Neuerscheinung:

"Geheimdienste und globalisierte Risiken"

Liebe Freunde, geschätzte Kollegen,

ich möchte auf eine aktuelle Neuerscheinung zum Thema Geheime Nachrichtendienste aufmerksam machen, das Buch "Geheimdienste und globalisierte Risiken" von Stephan Blancke.

Diese Risiken sind an sich nicht neu, haben aber in den Jahren nach dem Ende des Kalten Krieges erheblich an Bedeutung gewonnen und werden mit Begriffen wie Schurkenstaaten, Information Warfare (für die moderne Form der psychologischen Kriegsführung und Desinformation), Data Mining, Proliferation, transnationaler, organisierter Kriminalität usw. beschrieben.

An erster Stelle wird der Terrorismus genannt. Für das FBI ist er die größte Bedrohung, erst dann folgt die Spionage. Dennoch haben beide Phänomene eng miteinander zu tun, denn zum Kampf gegen den Terrorismus werden in erster Linie geheime Nachrichtendienste eingesetzt. Dabei haben sie es überwiegend mit Akteuren zu tun, die im Verborgenen arbeiten. Klandestine Netzwerke, die mit Nuklearmaterial, sensibler Technologie oder Informationen handeln oder moderne Informationssysteme bedrohen, lassen sich ungerne in die Karten schauen.

Gleiches gilt für geheim- und nachrichtendienstliches Handeln. Ob sog. Spionage, militärische Aufklärung, covert actions oder politisch-militärische Einflußnahme - moderne ND-Informationsgewinnung/-verarbeitung und GD-Operationen sind heute umfassender und technisch aufwendiger, als je zuvor. Dienste zur Terrorabwehr und Spionageabwehr müssen sich dem strukturell und methodisch anpassen. Globale Risiken führen dazu, daß international tätige Organisationen wie UNO, EU, NATO u. a. ständig mehr Informationen benötigen.
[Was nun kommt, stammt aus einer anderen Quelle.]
(* Let $E$ be a second countable Stone space with at least seven points, and let $\gamma$ be a non-peripheral cut of $E$. Then $\gamma$ is outermost if and only if for every pants decomposition $\Gamma$ of $E$ containing $\gamma$, the vertex $\gamma$ has valence at most two in the adjacency graph $A(\Gamma)$.
   Context: A Stone space is a compact, Hausdorff, totally disconnected space. A cut of $E$ is an unordered partition of $E$ into two disjoint clopen sets $U,V$, written $U\sqcup V$; it is non-peripheral if each of $U,V$ contains at least two points. A non-peripheral cut is outermost if one of its two sides contains exactly two points. Two cuts $U\sqcup V$, $U'\sqcup V'$ cross if all four sets $U\cap U'$, $U\cap V'$, $V\cap U'$, $V\cap V'$ are nonempty; otherwise they are compatible. A pants decomposition of $E$ is a countable collection $\Gamma$ of non-peripheral cuts such that: (1) any two cuts in $\Gamma$ are compatible; (2) every non-peripheral cut $\gamma\notin\Gamma$ crosses some cut of $\Gamma$; (3) every non-peripheral cut $\gamma\notin\Gamma$ crosses only finitely many cuts of $\Gamma$. Two cuts $\gamma_i,\gamma_j\in\Gamma$ are adjacent in $\Gamma$ if there is a non-peripheral cut crossing $\gamma_i$ and $\gamma_j$ and no other cut of $\Gamma$; the adjacency graph $A(\Gamma)$ has vertex set $\Gamma$ and edges between adjacent cuts. *)

From mathcomp Require Import all_boot.
From mathcomp Require Import all_classical all_reals all_analysis.
Set Implicit Arguments. Unset Strict Implicit. Unset Printing Implicit Defensive.
Local Open Scope classical_set_scope.

Section Cuts.
Variable E : topologicalType.

Definition stone_space : Prop :=
  [/\ compact [set: E], hausdorff_space E & totally_disconnected [set: E]].

(* A cut is an unordered partition {U, V} of E into two disjoint (nonempty)
   clopen sets; we represent it as the set of its two sides [set U; ~` U]. *)
Definition cut (C : set (set E)) : Prop :=
  exists U : set E, [/\ clopen U, U !=set0, ~` U !=set0 & C = [set U; ~` U]].

Definition has_two_points (U : set E) : Prop :=
  exists x y, [/\ U x, U y & x <> y].

Definition has_exactly_two_points (U : set E) : Prop :=
  exists x y, x <> y /\ U = [set x; y].

Definition nonperipheral (C : set (set E)) : Prop :=
  cut C /\ forall U, C U -> has_two_points U.

Definition outermost (C : set (set E)) : Prop :=
  nonperipheral C /\ exists U, C U /\ has_exactly_two_points U.

Definition cross (C D : set (set E)) : Prop :=
  forall U V, C U -> D V -> U `&` V !=set0.

Definition compatible (C D : set (set E)) : Prop := ~ cross C D.

Definition pants_decomposition (G : set (set (set E))) : Prop :=
  [/\ countable G,
      (forall C, G C -> nonperipheral C),
      (forall C D, G C -> G D -> compatible C D),
      (forall g, nonperipheral g -> ~ G g -> exists2 C, G C & cross g C)
    & (forall g, nonperipheral g -> ~ G g ->
         finite_set [set C | G C /\ cross g C])].

Definition adjacent (G : set (set (set E))) (Ci Cj : set (set E)) : Prop :=
  [/\ G Ci, G Cj, Ci <> Cj &
      exists g, [/\ nonperipheral g, cross g Ci, cross g Cj &
                   forall C, G C -> cross g C -> C = Ci \/ C = Cj]].

Definition valence_le2 (G : set (set (set E))) (C : set (set E)) : Prop :=
  forall a b c, adjacent G C a -> adjacent G C b -> adjacent G C c ->
    [\/ a = b, a = c | b = c].

End Cuts.

(* If gamma has a two-point side {x, y}, every other cut of a pants
   decomposition G containing gamma has a side avoiding {x, y}, and the sides
   X_i of the cuts adjacent to gamma are pairwise disjoint.  Given three of
   them, X_1 `|` X_2 bounds a non-peripheral cut which is neither in G nor
   crossed by a cut of G, contradicting maximality.

   Conversely, if both sides of gamma have at least three points, one side V
   has at least four since |E| >= 7.  Split V into clopen sets V1, V2 and its
   complement into U1, U2, with V1, V2, U2 of at least two points each, and
   enumerate the (countably many) clopen sets of E starting with V, U2 `|` V1
   and a set splitting each of V1, V2 and U2.  The non-peripheral cuts bounded
   by atoms of the Boolean algebras generated by initial segments of the
   enumeration form a pants decomposition: atoms are nested or disjoint, and a
   clopen set is a union of atoms of bounded level.  In it gamma is adjacent
   to the cuts of V1, V2 and U2. *)

From Pilot Require Import Defs.
From HB Require Import structures.
From mathcomp Require Import all_boot.
From mathcomp Require Import all_classical all_reals all_analysis.
From mathcomp Require Import zify.
Set Implicit Arguments. Unset Strict Implicit. Unset Printing Implicit Defensive.
Local Open Scope classical_set_scope.

(* [clopen_countable] is stated for pointed spaces. *)
Definition pointed_at (T : topologicalType) (x : T) : Type := T.
HB.instance Definition _ (T : topologicalType) (x : T) :=
  Topological.copy (pointed_at x) T.
HB.instance Definition _ (T : topologicalType) (x : T) :=
  isPointed.Build (pointed_at x) x.

Lemma clopen_enumeration (T : topologicalType) (x : T) :
  compact [set: T] -> @second_countable T ->
  exists e : nat -> set T,
    (forall n, clopen (e n)) /\ (forall K, clopen K -> exists n, e n = K).
Proof.
move=> cT sT; have /pcard_surjP [g g_surj] := @clopen_countable (pointed_at x) cT sT.
exists (fun n => if pselect (clopen (g n)) is left _ then g n else setT).
split=> [n|K cK]; first by case: pselect => // _; exact: clopenT.
by have [n _ gnK] := g_surj K cK; exists n; case: pselect => //; rewrite gnK.
Qed.

(* The library's [clopenC] takes a spurious set argument. *)
Lemma clopen_setC (T : topologicalType) (A : set T) : clopen A -> clopen (~` A).
Proof. exact: clopenC set0. Qed.

Lemma clopen_setI_open_cover (T : topologicalType) (K U V : set T) :
  clopen K -> open U -> open V -> U `&` V = set0 -> K `<=` U `|` V ->
  clopen (K `&` U).
Proof.
move=> [oK clK] oU oV UV0 KUV; split; first exact: openI.
have -> : K `&` U = K `&` ~` V.
  apply/seteqP; split=> z [Kz Hz]; split=> //.
    by move=> Vz; have : (U `&` V) z by []; rewrite UV0.
  by case: (KUV z Kz).
by apply: closedI => //; exact: open_closedC.
Qed.

Section StoneZeroDimensional.
Variable T : topologicalType.
Hypotheses (T_compact : compact [set: T]) (T_hausdorff : hausdorff_space T)
  (T_disconnected : totally_disconnected [set: T]).

Definition quasi_component (x : T) := [set z | forall K, clopen K -> K x -> K z].

Lemma separate_disjoint_closed (A B : set T) :
  closed A -> closed B -> A `&` B = set0 ->
  exists U V, [/\ open U, open V, A `<=` U, B `<=` V & U `&` V = set0].
Proof.
move=> clA clB AB0.
have nbhsA : set_nbhs A (~` B).
  apply/set_nbhsP; exists (~` B); split=> //; first exact: closed_openC.
  by move=> z Az Bz; have : (A `&` B) z by []; rewrite AB0.
have [W nbhsW clW] := compact_normal T_hausdorff T_compact clA nbhsA.
have [U [oU AU UW]] := (set_nbhsP _ _).1 nbhsW.
exists U, (~` closure W); split=> //.
- exact/closed_openC/closed_closure.
- by move=> z Bz clz; exact: (clW z clz).
- by apply/seteqP; split=> // z [/UW/subset_closure].
Qed.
Das Buch (knapp 200 S.) wirft daher einen kritischen Blick auf Techniken und Methoden der nachrichtendienstlichen Informationsbeschaffung. Es geht jedoch einen Schritt weiter und stellt die Möglichkeit eines Nachrichtendienstes dar, der entweder im Auftrag der UNO, ähnlicher Einrichtungen und/oder sog. Nicht-Regierungs-Organisationen arbeitet und dringend benötigte Informationen, z. B. im Bereich von Völkerrechtsverletzungen, beschafft. Der Autor schaut dafür auf die VR China und bes. Nord-Korea und widmet sich den Gefahren, die moderne Informationsgesellschaften verwundbar machen.

Stephan Blancke hat Verwaltungswirtschaft und dann Politikwissenschaft studiert und befaßt sich seit vielen Jahren mit nachrichtendienstlichen Fragen. U. a. war er als Lehrbeauftragter für die Fachhochschule des Bundes tätig und publiziert in renommierten Zeitschriften und Schriftenreihen.

Ich durfte das Buch bereits vor dem Erscheinen ausgiebig lesen und empfehle es gerne all jenen, die sich mit aktuellen und zu erwartenden ND-Problemen befassen. Hier die bibliographische Angabe: Blancke, Stephan: Geheimdienste und globalisierte Risiken, Berlin 2006: Verlag Dr. Köster, ISBN 978-3-89574-599-7, 19,80 Euro. Bestellbar ab dem 1. August 2006.